# Withings Real World Wearables Aggregated Dataset (2023-2024) Exploration with `mlcroissant`
This notebook provides a template for loading and exploring a dataset using the `mlcroissant` library.

### Dataset Source
The dataset source is provided via a Croissant schema URL.

In [None]:
# Ensure `mlcroissant` library is installed
!pip install mlcroissant

## 1. Data Loading
Load metadata and records from the dataset using `mlcroissant`.

In [None]:
import mlcroissant as mlc
import pandas as pd

# Define the dataset URL
url = 'https://sen.science/doi/10.71728/senscience.gae5-90ty/fair2.json'

# Load the dataset metadata
dataset = mlc.Dataset(url)
metadata = dataset.metadata
print(f"{metadata['name']}: {metadata['description']}")

## 2. Data Overview
Review available record sets, fields, and their IDs.

In [None]:
record_sets = dataset.metadata['recordSet']

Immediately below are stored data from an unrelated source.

(* Let $X$ be a $T_1$ space and $\mathcal{P}$ an ideal of closed subsets of $X$ containing every singleton subset of $X$. Then: (1) a nonzero ideal $I$ of $C(X)_\mathcal{P}$ is minimal if and only if there exists $\alpha\in X$ with $I=\langle\chi_{\{\alpha\}}\rangle$, if and only if $|Z_\mathcal{P}[I]|=2$; (2) the socle of $C(X)_\mathcal{P}$ consists exactly of the functions in $C(X)_\mathcal{P}$ that vanish everywhere except on a finite set; (3) the socle of $C(X)_\mathcal{P}$ is an essential ideal and is free.
   Context: An ideal of closed subsets of $X$ is a family $\mathcal{P}$ of closed subsets closed under finite unions and under passing to closed subsets. $D_f$ is the set of discontinuity points of $f\in\mathbb{R}^X$; $C(X)_\mathcal{P}=\{f\in\mathbb{R}^X\colon\overline{D_f}\in\mathcal{P}\}$, a commutative ring with pointwise operations. $\chi_A$ denotes the characteristic function of $A$. For $f\in C(X)_\mathcal{P}$, $Z_\mathcal{P}(f)=\{x\colon f(x)=0\}$ and $Z_\mathcal{P}[I]=\{Z_\mathcal{P}(f)\colon f\in I\}$. The socle is the sum of all minimal ideals. An ideal is essential if it meets every nonzero ideal nontrivially; an ideal $I$ is free if $\bigcap Z_\mathcal{P}[I]=\emptyset$. *)

From HB Require Import structures.
From mathcomp Require Import all_boot all_order all_algebra.
From mathcomp Require Import all_classical all_reals all_analysis.
Set Implicit Arguments. Unset Strict Implicit. Unset Printing Implicit Defensive.
Import Order.TTheory GRing.Theory Num.Theory numFieldNormedType.Exports.
Local Open Scope classical_set_scope.
Local Open Scope ring_scope.

Section Defs.
Context {R : realType} {X : topologicalType}.

Definition closed_ideal (P : set (set X)) : Prop :=
  [/\ P set0,
      (forall A, P A -> closed A),
      (forall A B, P A -> P B -> P (A `|` B)) &
      (forall A B, P A -> closed B -> B `<=` A -> P B)].

Definition discont (f : X -> R) : set X := [set x : X | ~ {for x, continuous f}].

Definition CP (P : set (set X)) (f : X -> R) : Prop := P (closure (discont f)).

Definition zerof : X -> R := fun _ => 0.

Definition ideal (P : set (set X)) (I : set (X -> R)) : Prop :=
  [/\ I `<=` CP P,
      I zerof,
      (forall f g, I f -> I g -> I (fun x => f x + g x)),
      (forall f, I f -> I (fun x => - f x)) &
      (forall f g, CP P g -> I f -> I (fun x => g x * f x))].

Definition nonzero_ideal (I : set (X -> R)) : Prop := exists2 f, I f & f <> zerof.

Definition minimal_ideal (P : set (set X)) (I : set (X -> R)) : Prop :=
  [/\ ideal P I, nonzero_ideal I &
      forall J, ideal P J -> nonzero_ideal J -> J `<=` I -> J = I].

Definition chi (A : set X) : X -> R := fun x => if `[< A x >] then 1 else 0.

Definition principal (P : set (set X)) (h : X -> R) : set (X -> R) :=
  [set f | exists2 g, CP P g & f = (fun x => g x * h x)].

Definition ZP (f : X -> R) : set X := [set x | f x = 0].
Definition ZPI (I : set (X -> R)) : set (set X) := [set ZP f | f in I].

Definition fsum (s : seq (X -> R)) : X -> R :=
  foldr (fun g h x => g x + h x) zerof s.

(* socle: sum of all minimal ideals = finite sums of elements of minimal ideals *)
Definition socle (P : set (set X)) : set (X -> R) :=
  [set f | exists s : seq (X -> R),
      (forall g, g \in s -> exists2 I, minimal_ideal P I & I g) /\ f = fsum s].

Definition essential_ideal (P : set (set X)) (I : set (X -> R)) : Prop :=
  ideal P I /\
  forall J, ideal P J -> nonzero_ideal J -> exists2 f, (I `&` J) f & f <> zerof.

Definition free_ideal (I : set (X -> R)) : Prop := \bigcap_(Z in ZPI I) Z = set0.

End Defs.

From mathcomp Require Import all_boot all_order all_algebra.
From mathcomp Require Import all_classical all_reals all_analysis.
Local Open Scope classical_set_scope.
Local Open Scope ring_scope.
Import Order.TTheory GRing.Theory Num.Theory numFieldNormedType.Exports.

(* If f lies in an ideal I and f a != 0, then chi [set a], which equals
   ((f a)^-1 chi [set a]) f, lies in I too, the multiplier being in C(X)_P
   because P contains the closed singletons.  Hence every nonzero ideal
   contains some <chi [set a]>, whose elements are the multiples
   c chi [set a]: these are the minimal ideals, with zero sets X and X \ {a},
   while an ideal with elements nonzero at two distinct points has at least
   three zero sets.  Sums of such multiples are exactly the finitely supported
   members of C(X)_P, and chi [set a] lies both in the socle and in every ideal
   with an element nonzero at a: the socle is essential and free. *)

Lemma set2_no_three {T : Type} {A B U V W : T} :
  [set A; B] U -> [set A; B] V -> [set A; B] W ->
  U <> V -> U <> W -> V <> W -> False.
Proof. by move=> [] -> [] -> [] ->. Qed.

Section Functions.
Context {R : realType} {X : topologicalType}.
Implicit Types (f : X -> R) (a x : X).

Lemma nonzero_funP f : f <> zerof -> exists a, f a != 0.
Proof.
move=> fN0; apply: contrapT => f_eq0; apply: fN0; apply/funext => x.
by apply/eqP; apply: contrapT => fx; apply: f_eq0; exists x; apply/negP.
Qed.

Lemma fsumE (s : seq (X -> R)) x : fsum s x = \sum_(g <- s) g x.
Proof. by elim: s => [|g s IHs]; rewrite ?big_nil ?big_cons //= IHs. Qed.

Lemma chi1E a x : chi [set a] x = (x == a)%:R :> R.
Proof.
by rewrite /chi (asbool_equiv_eqP eqP (iff_refl (x = a))); case: eqP.
Qed.

Lemma chi1_id a : chi [set a] a = 1 :> R.
Proof. by rewrite chi1E eqxx. Qed.

Lemma chi1_neq0 a : chi [set a] <> zerof :> (X -> R).
Proof.
by move/(congr1 (fun f => f a)); rewrite chi1_id => /eqP; rewrite oner_eq0.
Qed.

Lemma chi1_mull a f x : chi [set a] x * f x = f a * chi [set a] x.
Proof.
by rewrite !chi1E; case: eqP => [->|_]; rewrite ?mul1r ?mulr1 ?mul0r ?mulr0.
Qed.

Lemma ZP_zerof : ZP (zerof : X -> R) = setT.
Proof. by apply/seteqP; split. Qed.

Lemma ZP_chi1 a : ZP (chi [set a] : X -> R) = ~` [set a].
Proof.
apply/seteqP; split => x; rewrite /ZP /= chi1E.
  by case: eqP => // _ /eqP; rewrite oner_eq0.
by move/eqP/negPf => ->.
Qed.

End Functions.

Section PiecewiseContinuous.
Context {R : realType} {X : topologicalType} {P : set (set X)}.
Hypothesis P_ideal : closed_ideal P.
Implicit Types (f g h : X -> R) (a x : X).

Lemma CP_lift2 f g h :
  (forall x, {for x, continuous f} -> {for x, continuous g} ->
     {for x, continuous h}) ->
  CP P f -> CP P g -> CP P h.
Proof.
case: P_ideal => _ _ PU PS fgh Pf Pg.
apply: (PS _ _ (PU _ _ Pf Pg)); first exact: closed_closure.
rewrite -closureU; apply: closureS => x /= hx.
by apply: contrapT => /not_orP[/contrapT cf /contrapT cg]; exact: hx (fgh x cf cg).
Qed.

Lemma CP_cst (c : R) : CP P (fun _ : X => c).
Proof.
case: P_ideal => P0 _ _ _; rewrite /CP.
suff -> : discont (fun _ : X => c) = set0 by rewrite closure0.
by apply/seteqP; split => // x; apply; exact: cst_continuous.
Qed.

Lemma CPD f g : CP P f -> CP P g -> CP P (fun x => f x + g x).
Proof. by apply: CP_lift2 => x; exact: continuousD. Qed.

Lemma CPN f : CP P f -> CP P (fun x => - f x).
Proof.
by move=> Pf; apply: (@CP_lift2 f f _ _ Pf Pf) => x cf _; exact: continuousN.
Qed.

Lemma CPM f g : CP P f -> CP P g -> CP P (fun x => f x * g x).
Proof. by apply: CP_lift2 => x; exact: continuousM. Qed.

Hypothesis X_T1 : accessible_space X.
Hypothesis P_points : forall a, P [set a].

(* In a T1 space chi [set a] is locally constant off the closed set [set a]. *)
Lemma CP_chi1 a : CP P (chi [set a] : X -> R).
Proof.
case: P_ideal => _ _ _ PS.
have a_closed : closed [set a] by exact: accessible_closed_set1.
apply: (PS _ _ (P_points a)); first exact: closed_closure.
rewrite [S in _ `<=` S](closure_id _).1 //.
apply: closureS => x; apply: contra_notP => xa.
have Ca_nbhs : nbhs x (~` [set a]).
  by apply: open_nbhs_nbhs; split => //; exact: closed_openC.
apply: cvg_near_cst; apply: filterS Ca_nbhs => y /= ya.
by rewrite !chi1E; move/eqP/negPf: ya => ->; move/eqP/negPf: xa => ->.
Qed.

End PiecewiseContinuous.

Definition CPfin {R : realType} {X : topologicalType} (P : set (set X)) :
  set (X -> R) := [set f | CP P f /\ finite_set [set x | f x != 0]].

Section Ideals.
Context {R : realType} {X : topologicalType} {P : set (set X)}.
Hypothesis P_ideal : closed_ideal P.
Hypothesis X_T1 : accessible_space X.
Hypothesis P_points : forall a, P [set a].
Implicit Types (I J : set (X -> R)) (f g : X -> R) (a x : X).
Local Notation chi1 a := (chi [set a] : X -> R).

Lemma ideal_chi1 {I f a} : ideal P I -> I f -> f a != 0 -> I (chi1 a).
Proof.
case=> _ _ _ _ IM If fa; suff -> : chi1 a = fun x => (f a)^-1 * chi1 a x * f x.
  apply: (IM _ (fun x => (f a)^-1 * chi1 a x)) If.
  by apply: CPM => //; [exact: CP_cst | exact: CP_chi1].
by apply/funext => x; rewrite -mulrA chi1_mull mulKf.
Qed.

Lemma principal_chi1E {a f} :
  principal P (chi1 a) f -> f = fun x => f a * chi1 a x.
Proof.
by case=> g _ ->; apply/funext => x; rewrite chi1_id mulr1 mulrC chi1_mull.
Qed.

Lemma principal_chi1_scale a (c : R) :
  principal P (chi1 a) (fun x => c * chi1 a x).
Proof. by exists (fun=> c); first exact: CP_cst. Qed.

Lemma principal_chi1_id a : principal P (chi1 a) (chi1 a).
Proof.
by exists (fun=> 1); [exact: CP_cst | apply/funext => x; rewrite mul1r].
Qed.

Lemma principal_chi1_ideal a : ideal P (principal P (chi1 a)).
Proof.
split.
- by move=> _ [g Pg ->]; apply: CPM => //; exact: CP_chi1.
- by exists (fun=> 0); [exact: CP_cst | apply/funext => x; rewrite mul0r].
- move=> _ _ [f Pf ->] [g Pg ->]; exists (fun x => f x + g x); first exact: CPD.
  by apply/funext => x; rewrite mulrDl.
- move=> _ [f Pf ->]; exists (fun x => - f x); first exact: CPN.
  by apply/funext => x; rewrite mulNr.
- move=> _ h Ph [g Pg ->]; exists (fun x => h x * g x); first exact: CPM.
  by apply/funext => x; rewrite mulrA.
Qed.

Lemma principal_chi1_sub {I a} :
  ideal P I -> I (chi1 a) -> principal P (chi1 a) `<=` I.
Proof. by case=> _ _ _ _ IM Ia _ [g Pg ->]; exact: IM. Qed.

Lemma principal_chi1_minimal a : minimal_ideal P (principal P (chi1 a)).
Proof.
split; first exact: principal_chi1_ideal.
  by exists (chi1 a); [exact: principal_chi1_id | exact: chi1_neq0].
move=> J J_ideal [f Jf /nonzero_funP[b fb]] JI.
have ba : b = a.
  apply: contrapT => /eqP ba; move: fb; rewrite (principal_chi1E (JI _ Jf)).
  by rewrite chi1E (negPf ba) mulr0 eqxx.
apply/seteqP; split => //; apply: (principal_chi1_sub J_ideal).
by apply: (ideal_chi1 J_ideal Jf); rewrite -ba.
Qed.

Lemma minimal_principal_chi1 I :
  minimal_ideal P I -> exists a, I = principal P (chi1 a).
Proof.
case=> I_ideal [f If /nonzero_funP[a fa]] I_min; exists a; symmetry.
apply: I_min; first exact: principal_chi1_ideal.
  by exists (chi1 a); [exact: principal_chi1_id | exact: chi1_neq0].
exact/(principal_chi1_sub I_ideal)/(ideal_chi1 I_ideal If fa).
Qed.

Lemma minimal_idealP I :
  minimal_ideal P I <-> exists a, I = principal P (chi1 a).
Proof.
split; first exact: minimal_principal_chi1.
by case=> a ->; exact: principal_chi1_minimal.
Qed.

Lemma ZPI_principal_chi1 a :
  ZPI (principal P (chi1 a)) = [set setT; ~` [set a]].
Proof.
apply/seteqP; split => [_ [f /principal_chi1E -> <-]|_ [->|->]].
- have [->|fa] := eqVneq (f a) 0.
    by left; apply/seteqP; split => // x; rewrite /ZP /= mul0r.
  right; rewrite -(ZP_chi1 (R := R)); apply/seteqP; split => x; rewrite /ZP /=.
    by move/eqP; rewrite mulf_eq0 (negPf fa) => /eqP.
  by move=> ->; rewrite mulr0.
- exists zerof; last exact: ZP_zerof.
  by case: (principal_chi1_ideal a).
- by exists (chi1 a); [exact: principal_chi1_id | exact: ZP_chi1].
Qed.

Lemma setT_neq_setC1 a : [set: X] <> ~` [set a].
Proof. by move/seteqP => [/(_ a) + _]; apply. Qed.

for record_set in record_sets:
    print(f"RecordSet: {record_set['@id']}")
    fields = record_set['field']
    for field in fields:
        print(f"  - Field: {field['@id']} ({field['dataType']})")

## 3. Data Extraction
Load data from a specific record set into a DataFrame for analysis. Use the record set and field `@id`s from the overview.

In [None]:
# Extract data from first record set
record_set_id = record_sets[0]['@id']
records = list(dataset.records(record_set=record_set_id))
df = pd.DataFrame(records)
print(f"Columns in {record_set_id}:", df.columns.tolist())
df.head()

## 4. Exploratory Data Analysis (EDA)
Apply common data processing steps, such as filtering records based on specific criteria, normalizing numeric fields, and categorizing data. This section includes operations like removing outliers, transforming data distributions, or grouping data by key attributes to prepare it for further analysis.

In [None]:
# Select a numeric field for analysis
# We assume 'sbp' (systolic blood pressure) is a relevant numeric field
numeric_field = 'sbp'

threshold = 120
filtered_df = df[df[numeric_field] > threshold]
print(f"Filtered records with {numeric_field} > {threshold}:")
print(filtered_df.head())

filtered_df[f"{numeric_field}_normalized"] = (filtered_df[numeric_field] - filtered_df[numeric_field].mean()) / filtered_df[numeric_field].std()
print(f"Normalized {numeric_field} for filtered records:")
print(filtered_df[[numeric_field, f"{numeric_field}_normalized"]].head())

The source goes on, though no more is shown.